So it turns out that Woody Allen wasn’t faking people out when he described his arrangement with Amazon to make this 6-part TV series as something he’d “regretted every second since I said OK.” He was also reported as saying, “I don’t know how I got into this. I have no ideas and I’m not sure where to begin.”
So more fool anyone, including me, for bothering to watch. That I even watched all six episodes is something I’ve regretted every second since I did it, half an hour ago.
Some reviewers have claimed that at least it looks nice, but I disagree even on that. It’s supposed to be a period piece, set in the 60s, but it doesn’t look like the 60s. None of the actors has a 60s face, or 60s hair, and the costumes could have come off the rails in TK Max.
I think the 60s setting is, honestly, just an excuse for Allen to trot out lines that he might have written back then, the last time he was involved in television. It feels deeply lazy and contemptuous of both his audience and his employers.
Miley Cyrus plays Diane Keaton’s character in Sleeper – by which I mean she trots out the same lines about revolution with the same hunched shoulders and arm gestures – and though she only actually sleepwalks in one episode, you get the feeling that she’s sleepwalking through the whole thing. Ahem.
It’s such a terribly unfunny rendition of comic somnambulism that it seems to exist only to pre-empt the joke that Cyrus is sleepwalking through the role. (Variety)
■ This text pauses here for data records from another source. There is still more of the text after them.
Lemma reduced_amp_offdiag (S : {set labU n}) : lQ n \notin S ->
  forall k k' : scfgA (toD @: S), k != k' -> reduced psia k k' = 0.
Proof.
move=> QS k k' kk'; rewrite (reduced_glue _ _ _ k); apply: big1 => w _.
have [kc|] := boolP (copied (glue k w)); last by rewrite amp_stateE => /negbTE ->; rewrite mul0r.
have [k'c|] := boolP (copied (glue k' w)); last first.
  by rewrite [psia (glue k' w)]amp_stateE => /negbTE ->; rewrite conjC0 mulr0.
case/eqP: kk'; apply/ffunP => t; have [[i|] iS tE] := imsetP (valP t); last by rewrite iS in QS.
have A_out : Some (inl i) \notin toD @: S by apply/imsetP => -[[?|] _].
rewrite -(glue_in k w) -(glue_in k' w) tE.
by rewrite (eqP (forallP kc i)) (eqP (forallP k'c i)) !glue_out.
Qed.

Section Marginal.
Variable S : {set labU n}.

Definition pullD (k : scfgA (toD @: S)) : scfg S :=
  [ffun s => k (Sub (toD (val s)) (imset_f toD (valP s)))].

Lemma pullD_Sub (k : scfgA (toD @: S)) l (lS : l \in S) :
  pullD k (Sub l lS) = k (Sub (toD l) (imset_f toD lS)).
Proof. by rewrite ffunE; congr (fun_of_fin k); apply: val_inj. Qed.

Lemma imset_toD_Sub (t : {l | l \in toD @: S}) :
  exists l (lS : l \in S), t = Sub (toD l) (imset_f toD lS).
Proof. by have [l lS tE] := imsetP (valP t); exists l, lS; apply: val_inj. Qed.

Lemma pullD_bij : bijective pullD.
Proof.
apply: inj_card_bij => [k1 k2 k12|].
  by apply/ffunP => t; have [l [lS ->]] := imset_toD_Sub t; rewrite -!pullD_Sub k12.
by rewrite !card_ffun !card_sig (card_imset _ toD_inj).
Qed.

Lemma restr_amplify c k : (restr (toD @: S) (amplify c) == k) = (restr S c == pullD k).
Proof.
apply/eqP/eqP => [<-|ck]; first by apply/ffunP => s; rewrite !ffunE /=; case: (val s).
apply/ffunP => t; have [l [lS ->]] := imset_toD_Sub t.
by rewrite ffunE /= amplify_toD -pullD_Sub -ck ffunE.
Qed.

Lemma reduced_amp_diag k : reduced psia k k = reduced psi (pullD k) (pullD k).
Proof.
rewrite !reduced_diag big_mkcond (sum_amplify); last first.
  by move=> x /negbTE xc; rewrite amp_stateE xc mul0r; case: ifP.
by rewrite [RHS]big_mkcond; apply: eq_bigr => c _; rewrite restr_amplify amp_state_amplify.
Qed.

Lemma diag_entropy_amp (b : R) :
  diag_entropy b (reduced psia (S := toD @: S)) = diag_entropy b (reduced psi (S := S)).
Proof.
rewrite /diag_entropy (reindex pullD (onW_bij _ pullD_bij)).
by congr (- _); apply: eq_bigr => k _; rewrite reduced_amp_diag.
Qed.

End Marginal.

Lemma Ssub_amp (S : {set labU n}) : lQ n \notin S ->
  Ssub psia (toD @: S) = diag_entropy d%:R (reduced psi (S := S)).
Proof.
by move=> QS; rewrite /Ssub (vN_entropy_diag _ (reduced_amp_offdiag QS)) diag_entropy_amp.
Qed.

End Amplified.

Unset Implicit Arguments.

Theorem theorem5 (R : realType) (n d : nat) (hn : (2 <= n)%N) (hd : (0 < d)%N)
  (alpha : 'I_d -> R[i]) (B : nat -> 'M[R[i]]_d) :
  \sum_(x : 'I_d) alpha x * (alpha x)^* = 1 ->
  (forall i : nat, (1 <= i <= n)%N -> unitary (B i)) ->
  mutinf (amp_state alpha B) [set lDa n n] [set lDa n n.-1]
    <= mutinf (unamp_state alpha B) [set lA n n] [set lA n n.-1].
Proof.
move=> _ B_unitary.
have Bn_unitary : unitary (B n) by apply: B_unitary; lia.
have Bn1_unitary : unitary (B n.-1) by apply: B_unitary; lia.
have Q_out j : (j <= n)%N -> lQ n \notin [set lA n j].
  by move=> jn; rewrite in_set1 eq_sym lA_neq_Q // ltnW.
have DE j : [set lDa n j] = @toD n @: [set lA n j] by rewrite imset_set1.
rewrite /mutinf !DE -imsetU !Ssub_amp ?in_setU ?negb_or ?Q_out ?leq_pred //.
rewrite /Ssub (vN_entropy_diag _ (reduced_An_offdiag alpha hn hd Bn_unitary)).
rewrite (vN_entropy_diag _ (reduced_An1_offdiag alpha hn hd Bn_unitary Bn1_unitary)).
have d_ge1 : 1 <= d%:R :> R by rewrite ler1n.
have := vN_entropy_reduced_le (unamp_state alpha B) ([set lA n n] :|: [set lA n n.-1]) hd d_ge1.
lra.
Qed.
The cast sits at two extremes in terms of age. 80-year-old Allen plays an obscure writer apparently still trying to pitch a tired sitcom idea, while 84-year-old Elaine May plays his still-practicing marriage counsellor wife. Both them speak like their dentures are loose and Allen stutters through his lines in a way that seems semi-improvised or else under-rehearsed. The 50-year-old punchlines fall from his 80-year-old mouth like ashes.
The other end of the cast features the aforementioned Ms Cyrus, John Magaro and Rachel Brosnahan, as a younger generation who aren’t given much to do. Miley Cyrus’ part seems to consist of raiding food cupboards and repeating a limited number of thoughts about social revolution and direct action. The part is really under-written and when Allen has her climb into the boot of a car at the end, it’s a relief for all concerned.
Allen has made this as a “half hour comedy” in the sense that the episodes are about 22 minutes long – as if this was a network show. Except it’s not a network show, and there are no ad breaks. Each episode ends abruptly, too short for anything meaningful to happen. At around 130 minutes this ends up being something like an over-long, poorly edited, late period Woody Allen film.
You could reimagine this with better casting, younger actors, people in their late 50s or 60s, who might conceivably still have a reason to be working and running around Manhattan with a briefcase full of money. Imagine Tom Hanks in the Allen role, Michelle Pfeiifer in the May role, and the 23-year-old Miley Cyrus arriving like a whirlwind to set them spinning. Maybe then you’d have a show. As it is, this is clearly something knocked off to fulfil a contractural obligation with nothing but contempt for an audience Allen clearly doesn’t mind alienating.